TASK BRIEF: Print exactly those lines that run from the beginning of the data to the line bearing "have term i", inclusive.

——

(* For families bounded by 1, |sum a| + |sum b| - n <= |sum a b|: with the
   signs s, t of the two sums, (1 - s a_i)(1 - t b_i) >= 0 termwise. *)
Lemma sum_prod_lower n (a b : 'I_n -> R) :
  (forall i, `|a i| <= 1) -> (forall i, `|b i| <= 1) ->
  `|\sum_i a i| + `|\sum_i b i| - n%:R <= `|\sum_i a i * b i|.
Proof.
move=> a1 b1; set s := Num.sg (\sum_i a i); set t := Num.sg (\sum_i b i).
have sgr_le1 (x : R) : `|Num.sg x| <= 1 by rewrite normr_sg; case: (x != 0).
have unit_le (u v : R) : `|u| <= 1 -> `|v| <= 1 -> u * v <= 1.
  move=> u1 v1; apply: le_trans (ler_norm _) _; rewrite normrM.
  by rewrite -[1]mulr1 ler_pM ?normr_ge0.
have term i : s * a i + t * b i - 1 <= s * t * (a i * b i).
  have sa : s * a i <= 1 by apply: unit_le; rewrite ?sgr_le1.
  have tb : t * b i <= 1 by apply: unit_le; rewrite ?sgr_le1.
  have : 0 <= (1 - s * a i) * (1 - t * b i) by apply: mulr_ge0; rewrite subr_ge0.
  have -> : s * t * (a i * b i) = (s * a i) * (t * b i) by ring.
  nra.
have signed : s * t * \sum_i a i * b i <= `|\sum_i a i * b i|.
  apply: le_trans (ler_norm _) _; rewrite normrM -[X in _ <= X]mul1r.
  by rewrite ler_wpM2r // normrM mulr_ile1 ?normr_ge0 ?sgr_le1.
apply: le_trans signed; rewrite !normrEsg -/s -/t !mulr_sumr.
have -> : n%:R = \sum_(i < n) (1 : R) by rewrite sumr_const card_ord.
by rewrite -!big_split -sumrB; apply: ler_sum => i _; exact: term.
Qed.
Lemma dist_collapse x y : ~~ ((x \in A) && (y \in A)) ->
  dT x y = dT (collapse x) (collapse y) + (x \in A) * dT x v + (y \in A) * dT y v.
Proof.
rewrite /collapse; case: (boolP (x \in A)) => xA; case: (boolP (y \in A)) => yA //= _.
- by rewrite dist_leave_component //; lia.
- by rewrite dT_sym dist_leave_component // (dT_sym v); lia.
- lia.
Qed.

Lemma delta4_collapse a b c d : count (mem A) [:: a; b; c; d] <= 1 ->
  delta4 e [set: T] (collapse a) (collapse b) (collapse c) (collapse d) =
  delta4 e [set: T] a b c d.
Proof.
rewrite /= => cnt; rewrite !delta4E.
rewrite (@dist_collapse a b) ?(@dist_collapse a c) ?(@dist_collapse a d)
  ?(@dist_collapse b c) ?(@dist_collapse b d) ?(@dist_collapse c d); try lia.
rewrite -(delta3D ((a \in A) * dT a v + (b \in A) * dT b v +
                   (c \in A) * dT c v + (d \in A) * dT d v)).
by congr delta3; lia.
Qed.

Lemma delta4_two_in_component_eq0 a b c d : count (mem A) [:: a; b; c; d] = 2 ->
  delta4 e [set: T] a b c d = 0.
Proof.
rewrite /= => cnt.
have tri x y : dT x y <= dT x v + dT y v by rewrite (dT_sym y); exact: dT_triangle.
have across x y : (x \in A) != (y \in A) -> dT x y = dT x v + dT y v.
  case: (boolP (x \in A)) => xA; case: (boolP (y \in A)) => yA //= _.
  - by rewrite dist_leave_component // (dT_sym v).
  - by rewrite dT_sym dist_leave_component // (dT_sym v) addnC.
rewrite delta4E; apply: (delta3_eq0 (s := dT a v + dT b v + dT c v + dT d v)).
- by have := tri a b; have := tri c d; lia.
- by have := tri a c; have := tri b d; lia.
- by have := tri a d; have := tri b c; lia.
move: cnt (across a b) (across a c) (across a d) (across b c) (across b d) (across c d).
lia.
Qed.

Lemma hyperbolicity_delete_component a b c d :
  hyperbolicity e [set: T] = delta4 e [set: T] a b c d ->
  count (mem A) [:: a; b; c; d] <= 2 ->
  hyperbolicity e [set: T] = hyperbolicity e ([set: T] :\: A).
Proof.
move=> hyp_abcd cnt; apply/eqP; rewrite eqn_leq andbC.
rewrite (hyperbolicity_isometric_le dist_delete_component (subsetT _)) /=.
have le_collapse : delta4 e [set: T] a b c d <=
    delta4 e [set: T] (collapse a) (collapse b) (collapse c) (collapse d).
  move: cnt; rewrite leq_eqVlt ltnS => /orP[/eqP/delta4_two_in_component_eq0-> //|].
  by move/delta4_collapse->.
rewrite hyp_abcd (leq_trans le_collapse) //.
by rewrite -(delta4_isometric dist_delete_component) ?collapse_in
  ?delta4_le_hyperbolicity ?collapse_in.
Qed.

End DeleteComponent.
End CutVertex.

Theorem lemma3 (T : finType) (e : rel T) (v : T) :
  simple_graph e ->
  connected_graph e [set: T] ->
  4 < #|T| ->
  separator1 e v ->
  exists2 A, A \in components e [set~ v] &
    hyperbolicity e [set: T] = hyperbolicity e ([set: T] :\: A).
Proof.
move=> [sym _] conn T_gt4 sep_v.
have T_gt0 : 0 < #|[set: T]| by rewrite cardsT (leq_trans _ T_gt4).
have [A1 [A2 [A1_comp A2_comp neqA]]] : exists A1 A2,
    [/\ A1 \in components e [set~ v], A2 \in components e [set~ v] & A1 != A2].
  by apply/card_gt1P; exact: leq_ltn_trans (n_components_gt0 e T_gt0) sep_v.
have [a [b [c [d [_ _ _ _ hyp_abcd]]]]] := hyperbolicity_witness e T_gt0.
have := count_disjoint_le [:: a; b; c; d] (components_disjoint sym A1_comp A2_comp neqA).
case: (leqP (count (mem A1) [:: a; b; c; d]) 2) => [cnt1 _ | cnt1 cnt12].
  exists A1 => //.
  exact: (hyperbolicity_delete_component sym conn A1_comp hyp_abcd cnt1).
exists A2 => //; apply: (hyperbolicity_delete_component sym conn A2_comp hyp_abcd).
by move: cnt12; rewrite [size _]/=; lia.
Qed.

——

SOLUTION:
(* For families bounded by 1, |sum a| + |sum b| - n <= |sum a b|: with the
   signs s, t of the two sums, (1 - s a_i)(1 - t b_i) >= 0 termwise. *)
Lemma sum_prod_lower n (a b : 'I_n -> R) :
  (forall i, `|a i| <= 1) -> (forall i, `|b i| <= 1) ->
  `|\sum_i a i| + `|\sum_i b i| - n%:R <= `|\sum_i a i * b i|.
Proof.
move=> a1 b1; set s := Num.sg (\sum_i a i); set t := Num.sg (\sum_i b i).
have sgr_le1 (x : R) : `|Num.sg x| <= 1 by rewrite normr_sg; case: (x != 0).
have unit_le (u v : R) : `|u| <= 1 -> `|v| <= 1 -> u * v <= 1.
  move=> u1 v1; apply: le_trans (ler_norm _) _; rewrite normrM.
  by rewrite -[1]mulr1 ler_pM ?normr_ge0.
have term i : s * a i + t * b i - 1 <= s * t * (a i * b i).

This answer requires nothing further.